News

Boehner, Ryan Urge Deep Budget Cuts

John Boehner and his budget committee chairman Paul Ryan discuss their plans to reduce spending.

While President Barack Obama wants to invest in education and infrastructure, the new conservative majority in the House of Representatives is talking about how much spending to cut. House speaker John Boehner as well as his new budget committee chairman Paul Ryan discussed their plans to reduce spending this Sunday.

Ahead of November’s congressional elections, Republicans pledged to rein in spending, somehow, short as they were on details. Less than two weeks ago, Republicans in the House unveiled several tens of billions worth of austerity measures — far less than the $100 billion they promised to cut during their first year in power.

According to Wisconsin Republican Paul Ryan, it’s just a start. “The spending limit measure marks another step in House Republicans’ continued efforts to change Washington’s pervasive culture of spending,” he explained.

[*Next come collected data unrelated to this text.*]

Lemma sat_subst_x Rel (a : 'I_n -> U) (phi : lform U) v :
  sat Rel v (fmap (inst a) (subst_x phi)) <-> sat Rel (upd v 0 (a i)) phi.
Proof.
rewrite /sat; elim: phi v => /=.
- by move=> t s v; case: t => [[|k]|u]; case: s => [[|l]|w].
- by move=> t s v; case: t => [[|k]|u]; case: s => [[|l]|w].
- by [].
- by move=> g IH v; rewrite IH.
- by move=> g Ig h Ih v; rewrite Ig Ih.
- move=> k g IH v; case: eqP => [->|kn] /=.
  + rewrite fmap_comp (@eq_fmap _ _ _ id) // fmap_id.
    have E d : upd (upd v 0 (a i)) 0 d = upd v 0 d.
      by apply/funext => z; rewrite /upd; case: eqP.
    by split=> -[d [_ Hd]]; exists d; rewrite ?E // -E.
  + have E d : upd (upd v k d) 0 (a i) = upd (upd v 0 (a i)) k d.
      apply/funext => z; rewrite /upd; case: eqP => [->|z0]; case: eqP => // zk.
      by case: kn; rewrite -zk.
    by split=> -[d [_ Hd]]; exists d; split=> //; [rewrite -E; apply/IH | apply/IH; rewrite E].
Qed.

Lemma free_subst_x k (phi : lform U) : free k (subst_x phi) -> k <> 0%N /\ free k phi.
Proof.
elim: phi => /=.
- by case=> [[|k']|u] [[|l]|w] /=; intuition (subst; discriminate).
- by case=> [[|k']|u] [[|l]|w] /=; intuition (subst; discriminate).
- by [].
- by [].
- by move=> g Ig h Ih [/Ig|/Ih]; tauto.
- move=> k' g IH; case: eqP => [->|kn] /= [nk fk]; last by have [? ?] := IH fk.
  by rewrite free_fmap in fk; split=> // e; apply: nk; rewrite e.
Qed.

Lemma params_subst_x (M : set U) (phi : lform U) : params_in M phi ->
  params_in (@in_M_or_var U n M) (subst_x phi).
Proof.
elim: phi => /=.
- by case=> [[|k']|u] [[|l]|w].
- by case=> [[|k']|u] [[|l]|w].
- by [].
- by [].
- by move=> g Ig h Ih [? ?]; split; auto.
- move=> k g IH Hp; case: eqP => _ /=; last exact: IH.
  by rewrite params_in_fmap.
Qed.

End SubstituteX.

Section SameType.
Variables (U : Type) (Rel : U -> U -> Prop) (M : set U) (n : nat).

Lemma same_type_over_sym (a b : 'I_n -> U) :
  same_type_over Rel M a b -> same_type_over Rel M b a.
Proof. by move=> hst psi v cl pM; symmetry; apply: hst. Qed.

Lemma tp_sub_same_type (a b : 'I_n -> U) i :
  same_type_over Rel M a b -> tp Rel M (a i) `<=` tp Rel M (b i).
Proof.
move=> hst phi [[ox pM] re]; split=> //.
have cl : closed (subst_x i phi) by move=> k /free_subst_x [k0 /ox].
have := hst _ (fun _ => a i) cl (params_subst_x i pM).
by rewrite !sat_subst_x !sat_onlyx // /upd /= => <-.
Qed.

Lemma tp_same_type (a b : 'I_n -> U) i :
  same_type_over Rel M a b -> tp Rel M (a i) = tp Rel M (b i).
Proof.
move=> hst; apply/seteqP; split; apply: tp_sub_same_type => //.
exact: same_type_over_sym.
Qed.

End SameType.

Definition mix (R : realType) (m t : bool) (w x y : R) : R :=
  if m then (if t then x else y) else w * x + (1 - w) * y.

Lemma mix_swap (R : realType) m1 t1 w1 m2 t2 w2 (x1 x2 y1 y2 : R) :
  mix m1 t1 w1 (mix m2 t2 w2 x1 x2) (mix m2 t2 w2 y1 y2) =
  mix m2 t2 w2 (mix m1 t1 w1 x1 y1) (mix m1 t1 w1 x2 y2).
Proof. by case: m1; case: m2; case: t1; case: t2; rewrite /mix; ring. Qed.

Lemma mix_same (R : realType) m t w (x : R) : mix m t w x x = x.
Proof. by case: m; case: t; rewrite /mix //; ring. Qed.

Lemma mix_bounds (R : realType) m t w (x y : R) : (~~ m -> 0 <= w <= 1) ->
  0 <= x <= 1 -> 0 <= y <= 1 -> 0 <= mix m t w x y <= 1.
Proof.
case: m; rewrite /mix; first by case: t.
move=> /(_ isT) /andP [w0 w1] /andP [x0 x1] /andP [y0 y1].
by apply/andP; split; nra.
Qed.

Definition decided U (T N : seq U) (e : U) : Prop := List.In e T \/ List.In e N.

Lemma disj_consT U x (T N : seq U) : ~ decided T N x -> disj T N -> disj (x :: T) N.
Proof. by move=> nx dTN y /= [<- yN|/dTN]; [apply: nx; right|]. Qed.

Lemma disj_consN U x (T N : seq U) : ~ decided T N x -> disj T N -> disj T (x :: N).
Proof. by move=> nx dTN y yT /= [ey|/(dTN _ yT)//]; apply: nx; left; rewrite ey. Qed.

Section Mass.
Variables (R : realType) (U : Type) (Rel : U -> U -> Prop) (M : set U).
Variables (F : TypeSpace Rel M -> R) (W : R -> R -> R).

Definition edge_weight (p : TypeSpace Rel M) (e : U) : R := W (F p) (F (tpT Rel M e)).

(* Starting from the cell of [R(x,t)] (t in T) and [~ R(x,n)] (n in N), decide
   [R(x,e)] for the parameters e of P in turn -- by the type p if e is in M,
   and with probability [W(p, tp(e/M))] otherwise -- and return the probability
   of ending in a cell included in X. *)
Fixpoint mass (P : seq U) (X : set U) (T N : seq U) (p : TypeSpace Rel M) : R :=
  match P with
  | [::] => if `[< cell Rel T N `<=` X >] then 1 else 0
  | e :: P' => if `[< decided T N e >] then mass P' X T N p
      else mix `[< M e >] `[< p (Rx e) >] (edge_weight p e)
             (mass P' X (e :: T) N p) (mass P' X T (e :: N) p)
  end.

Lemma eq_mass P X p T N T' N' :
  (forall x, List.In x T <-> List.In x T') -> (forall x, List.In x N <-> List.In x N') ->
  mass P X T N p = mass P X T' N' p.
Proof.
elim: P T N T' N' => [|e P IH] T N T' N' HT HN /=.
  have -> // : cell Rel T N = cell Rel T' N'.
  by rewrite /cell; apply/seteqP; split=> c /=; firstorder.
have -> : decided T N e = decided T' N' e by apply/propext; rewrite /decided HT HN.
case: ifP => _; first exact: IH.
by congr mix; apply: IH => //= x; rewrite ?HT ?HN.
Qed.

Lemma mass_swap e1 e2 P X T N p :
  mass [:: e1, e2 & P] X T N p = mass [:: e2, e1 & P] X T N p.
Proof.
have dT (x y : U) T0 N0 : decided T0 N0 y -> decided (x :: T0) N0 y.
  by rewrite /decided /=; tauto.
have dN (x y : U) T0 N0 : decided T0 N0 y -> decided T0 (x :: N0) y.
  by rewrite /decided /=; tauto.
have nT (x y : U) T0 N0 : x <> y -> ~ decided T0 N0 y -> ~ decided (x :: T0) N0 y.
  by rewrite /decided /=; tauto.
have nN (x y : U) T0 N0 : x <> y -> ~ decided T0 N0 y -> ~ decided T0 (x :: N0) y.
  by rewrite /decided /=; tauto.
rewrite /=; have [d1|d1] := pselect (decided T N e1);
  have [d2|d2] := pselect (decided T N e2).
- by rewrite !asboolT.
- by rewrite (asboolT d1) (asboolF d2) (asboolT (dT e2 _ _ _ d1)) (asboolT (dN e2 _ _ _ d1)).
- by rewrite (asboolF d1) (asboolT d2) (asboolT (dT e1 _ _ _ d2)) (asboolT (dN e1 _ _ _ d2)).
have [<-|ne] := pselect (e1 = e2); first by rewrite (asboolF d1).
have ne' : e2 <> e1 by move=> /esym.
rewrite (asboolF d1) (asboolF d2) (asboolF (nT _ _ _ _ ne d2)) (asboolF (nN _ _ _ _ ne d2)).
rewrite (asboolF (nT _ _ _ _ ne' d1)) (asboolF (nN _ _ _ _ ne' d1)) mix_swap.
by congr mix; congr mix; apply: eq_mass => x /=; tauto.
Qed.

Lemma mass_perm P P' X p T N : Permutation.Permutation P P' ->
  mass P X T N p = mass P' X T N p.
Proof.
move=> perm; elim: perm T N => [|x l l' _ IH|x y l|l l' l'' _ IH1 _ IH2] T N //.
- by rewrite /= !IH.
- exact: mass_swap.
- by rewrite IH1 IH2.
Qed.

Lemma mass_agree X X' P p T N :
  (forall c, ~ decided T N c -> ~ List.In c P -> (X c <-> X' c)) ->
  mass P X T N p = mass P X' T N p.
Proof.
elim: P T N => [|e P IH] T N HX /=.
  have -> // : (cell Rel T N `<=` X) = (cell Rel T N `<=` X').
  by apply/propext; split=> H c [c1 [c2 c3]]; apply/(HX c) => //; [case|apply: H|case|apply: H].
case: ifP => [/asboolP de|/asboolP de].
  by apply: IH => c nd nP; apply: HX => // -[ec|//]; apply: nd; rewrite -ec.
congr mix; apply: IH => c nd nP; apply: HX => [|/= [ec|//]];
  by move: nd; rewrite /decided /=; tauto.
Qed.

Lemma mass_bounds P X p : (forall e, ~ M e -> 0 <= edge_weight p e <= 1) ->
  forall T N, 0 <= mass P X T N p <= 1.
Proof.
move=> Hw; elim: P => [|e P IH] T N /=; first by case: ifP; rewrite ?ler01 ?lexx.
case: ifP => _ //; apply: mix_bounds => // nm; apply: Hw => Me.
by move: nm; rewrite asboolT.
Qed.

Hypothesis hT : rado_model Rel.

Lemma pattern_closed_cell (S X : set U) T N c c' : pattern_closed Rel S X ->
  (forall s, S s -> decided T N s) -> cell Rel T N c -> cell Rel T N c' -> X c -> X c'.
Proof.
move=> sX SD [c1 [c2 [c3 c4]]] [d1 [d2 [d3 d4]]]; apply: sX; try by move=> /SD [].
move=> s /SD [sT|sN]; split=> H; by [apply: d3 | apply: c3 | case: (c4 _ sN) | case: (d4 _ sN)].
Qed.

Lemma pattern_closed_cell_sub (S X : set U) T N T' N' : pattern_closed Rel S X ->
  (forall s, S s -> decided T N s) -> disj T' N' -> cell Rel T' N' `<=` cell Rel T N ->
  (cell Rel T' N' `<=` X) = (cell Rel T N `<=` X).
Proof.
move=> sX SD d' sub; apply/propext; split=> [H c cc|H c /sub /H //].
have [c0 [cc0 _]] := cell_fresh hT [::] d'.
exact: pattern_closed_cell sX SD (sub _ cc0) cc (H _ cc0).
Qed.

Lemma mass_decided (S X : set U) P p T N : pattern_closed Rel S X ->
  (forall s, S s -> decided T N s) -> disj T N ->
  mass P X T N p = (if `[< cell Rel T N `<=` X >] then 1 else 0).
Proof.
move=> sX; elim: P T N => [|e P IH] T N SD dTN //=.
case: ifP => [/asboolP de|/asboolP de]; first exact: IH.
have SDT s : S s -> decided (e :: T) N s by move=> /SD; rewrite /decided /=; tauto.
have SDN s : S s -> decided T (e :: N) s by move=> /SD; rewrite /decided /=; tauto.
rewrite (IH _ _ SDT (disj_consT de dTN)) (IH _ _ SDN (disj_consN de dTN)).
rewrite (pattern_closed_cell_sub sX SD (disj_consT de dTN) (@cell_consT _ _ e T N)).
rewrite (pattern_closed_cell_sub sX SD (disj_consN de dTN) (@cell_consN _ _ e T N)).
exact: mix_same.
Qed.

Lemma mass_cat (S X : set U) P Q p T N : pattern_closed Rel S X ->
  (forall s, S s -> decided T N s \/ List.In s P) -> disj T N ->
  mass (P ++ Q) X T N p = mass P X T N p.
Proof.
move=> sX; elim: P T N => [|e P IH] T N SD dTN.
  by rewrite /= (mass_decided Q p sX) // => s /SD [|[]].
rewrite /=; case: ifP => [/asboolP de|/asboolP de].
  by apply: IH => // s /SD [|[<-|]]; tauto.
have SDT s : S s -> decided (e :: T) N s \/ List.In s P.
  by move=> /SD; rewrite /decided /=; tauto.
have SDN s : S s -> decided T (e :: N) s \/ List.In s P.
  by move=> /SD; rewrite /decided /=; tauto.
by congr mix; [apply: IH SDT (disj_consT de dTN) | apply: IH SDN (disj_consN de dTN)].
Qed.

Lemma mass_setU (S X Y : set U) P p T N :
  pattern_closed Rel S X -> pattern_closed Rel S Y -> X `&` Y = set0 ->
  (forall s, S s -> decided T N s \/ List.In s P) -> disj T N ->
  mass P (X `|` Y) T N p = mass P X T N p + mass P Y T N p.
Proof.
move=> sX sY dXY; elim: P T N => [|e P IH] T N SD dTN /=.
  have SD' s : S s -> decided T N s by move=> /SD [|[]].
  have [c0 [cc0 _]] := cell_fresh hT [::] dTN.
  have inX Z : pattern_closed Rel S Z -> Z c0 -> cell Rel T N `<=` Z.
    by move=> sZ Zc0 c cc; exact: pattern_closed_cell sZ SD' cc0 cc Zc0.
  have notin Z : ~ Z c0 -> ~ cell Rel T N `<=` Z by move=> nZ /(_ _ cc0).
  have [Xc0|nXc0] := pselect (X c0).
    have nYc0 : ~ Y c0 by move=> Yc0; have : (X `&` Y) c0 by []; rewrite dXY.
    have sXc := inX _ sX Xc0.
    rewrite (asboolT sXc) (asboolT (subset_trans sXc (@subsetUl _ X Y))).
    by rewrite (asboolF (notin _ nYc0)) addr0.
  have [Yc0|nYc0] := pselect (Y c0).
    have sYc := inX _ sY Yc0.
    rewrite (asboolT sYc) (asboolT (subset_trans sYc (@subsetUr _ X Y))).
    by rewrite (asboolF (notin _ nXc0)) add0r.
  have nXYc0 : ~ (X `|` Y) c0 by case.
  by rewrite (asboolF (notin _ nXc0)) (asboolF (notin _ nYc0)) (asboolF (notin _ nXYc0)) addr0.
case: ifP => [/asboolP de|/asboolP de].
  by apply: IH => // s /SD [|[<-|]]; tauto.
have SDT s : S s -> decided (e :: T) N s \/ List.In s P.
  by move=> /SD; rewrite /decided /=; tauto.
have SDN s : S s -> decided T (e :: N) s \/ List.In s P.
  by move=> /SD; rewrite /decided /=; tauto.
rewrite (IH _ _ SDT (disj_consT de dTN)) (IH _ _ SDN (disj_consN de dTN)).
by rewrite /mix; case: ifP => _; [case: ifP|ring].
Qed.

Lemma mass_eq0 X (L : seq U) P p T N : disj T N ->
  (forall c, cell Rel T N c -> X c -> List.In c L) -> mass P X T N p = 0.
Proof.
elim: P T N => [|e P IH] T N dTN HX /=.
  have [c0 [cc0 nL]] := cell_fresh hT L dTN.
  by rewrite asboolF // => sub; apply/nL/HX/sub.
case: ifP => [/asboolP de|/asboolP de]; first exact: IH.
rewrite (IH (e :: T) N (disj_consT de dTN)) ?(IH T (e :: N) (disj_consN de dTN)) ?mix_same //.
- by move=> c cc; apply: HX; apply: cell_consN cc.
- by move=> c cc; apply: HX; apply: cell_consT cc.
Qed.

Definition pattern_set (g : U -> bool) (K : seq U) : set U :=
  [set c | forall e, List.In e K -> (Rel c e <-> g e)].

Definition pattern_factor (g : U -> bool) p e : R :=
  if `[< M e >] then (if `[< p (Rx e) >] == g e then 1 else 0)
  else (if g e then edge_weight p e else 1 - edge_weight p e).

Lemma mass_pattern_set (g : U -> bool) (K Q : seq U) p T N : List.NoDup Q ->
  (forall e, List.In e Q -> ~ decided T N e) ->
  (forall e, List.In e Q -> List.In e K) ->
  (forall e, List.In e K -> decided T N e \/ List.In e Q) ->
  (forall t, List.In t T -> g t) -> (forall n, List.In n N -> ~~ g n) ->
  disj T N -> mass Q (pattern_set g K) T N p = \prod_(e <- Q) pattern_factor g p e.
Proof.
elim: Q T N => [|e Q IH] T N nd hQ QK KD gT gN dTN.
  rewrite big_nil /= asboolT // => c [c1 [c2 [c3 c4]]] e eK.
  case: (KD e eK) => [[eT|eN]|[]]; first by split=> _; [exact: gT | exact: c3].
  by split=> [/(c4 _ eN)//|ge]; move: (gN _ eN); rewrite ge.
move: nd => /List.NoDup_cons_iff [eQ nd].
have de := hQ e (or_introl erefl).
have eK := QK e (or_introl erefl).
have hQ' T' N' : (forall x, List.In x Q -> decided T' N' x -> decided T N x) ->
    forall x, List.In x Q -> ~ decided T' N' x.
  by move=> HT x xQ H; apply: (hQ x); [right | exact: HT x xQ H].
have QK' x : List.In x Q -> List.In x K by move=> xQ; apply: QK; right.
rewrite /= big_cons (asboolF de).
(* Only the branch agreeing with [g e] can end in a cell inside [pattern_set g K]. *)
case ge : (g e).
- have -> : mass Q (pattern_set g K) T (e :: N) p = 0.
    apply: (mass_eq0 (L := [::])); first exact: disj_consN.
    by move=> c [_ [_ [_ c4]]] Xc; apply: (c4 e); [left | apply/(Xc e eK); rewrite ge].
  rewrite (IH (e :: T) N) //; last exact: disj_consT.
  + by rewrite /mix /pattern_factor ge; case: `[< M e >]; case: `[< p (Rx e) >] => /=; ring.
  + by apply: hQ' => x xQ [/= [ex|xT]|xN]; [case: eQ; rewrite ex | left | right].
  + move=> x /KD [[xT|xN]|[ex|xQ]]; by [left; left; right | left; right
      | left; left; left | right].
  + by move=> t /= [<-|/gT]; rewrite ?ge.
- have -> : mass Q (pattern_set g K) (e :: T) N p = 0.
    apply: (mass_eq0 (L := [::])); first exact: disj_consT.
    move=> c [_ [_ [c3 _]]] Xc; move: (proj1 (Xc e eK) (c3 e (or_introl erefl))).
    by rewrite ge.
  rewrite (IH T (e :: N)) //; last exact: disj_consN.
  + by rewrite /mix /pattern_factor ge; case: `[< M e >]; case: `[< p (Rx e) >] => /=; ring.
  + by apply: hQ' => x xQ [xT|/= [ex|xN]]; [left | case: eQ; rewrite ex | right].
  + move=> x /KD [[xT|xN]|[ex|xQ]]; by [left; left | left; right; right
      | left; right; left | right].
  + by move=> t /= [<-|/gN]; rewrite ?ge.
Qed.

The need for fiscal restraint has never been greater. The Congressional Budget Office has warned that unless serious spending reductions are enacted, the federal government will continue to spend hundreds of billions — if not trillions — of dollars it doesn’t have all through this decade. Under current projections, the national debt will equal 100 percent of GDP by 2021.

At this weekend’s Conservative Political Action Conference in Washington, Ryan recognized that the nation’s debt crisis isn’t merely a fiscal challenge. “It’s a moral challenge involving questions of principle and purpose,” he professed. “The size of the budget is a symptom of deeper causes, and it points to different ideas about government.”

Society’s potential problems are unlimited, so a government that would solve problems without limit must necessarily have power without limit to do it.

On Fox News Sunday, the congressman rallied specifically against deficit spending. “Today’s deficits means tomorrow’s tax increases and that costs jobs,” he said. “We just don’t buy into this neo-Keynesian belief that you’ve got to borrow and spend more money today to try and create jobs.”

Speaker Boehner told the same program last week that “there’s no limit to the amount of spending” his members are willing to cut. He reiterated that commitment on Meet the Press Sunday, adding, “We’re broke.”

In his State of the Union address, the president called for a five year freeze in domestic discretionary spending which excludes entitlements as well as defense. “Locking in that level of spending is way too much,” said Boehner. But he wouldn’t propose specific entitlement reforms either which are necessary to restore long-term balance to the budget.

Ryan has thought about entitlement reform. He would phase out Social Security, turn Medicare into a voucher program and dismantle Medicaid. “Rather than depending on government for your retirement and health security, I propose to empower people to become much more self dependent for such things in life,” he said in 2009.

The president’s own debt commission proposed a series of less radical reforms in November but even their plans were lambasted by Democrats who regard austerity measures as cutting “crucial” social programs or, in the words of The New York Times this week, “critical functions that only the government can perform.” (That newspaper seems to believe that defense cuts can balance the books even as the military’s total budget doesn’t account for even half of the deficit.)

While the Democratic leader in the Senate says that Social Security is just fine and doesn’t need to be reformed, Ryan urged the president to challenge his own party and come up with some bold proposals. “Presidents are elected to lead,” he said, “not to punt and this president has been punting.”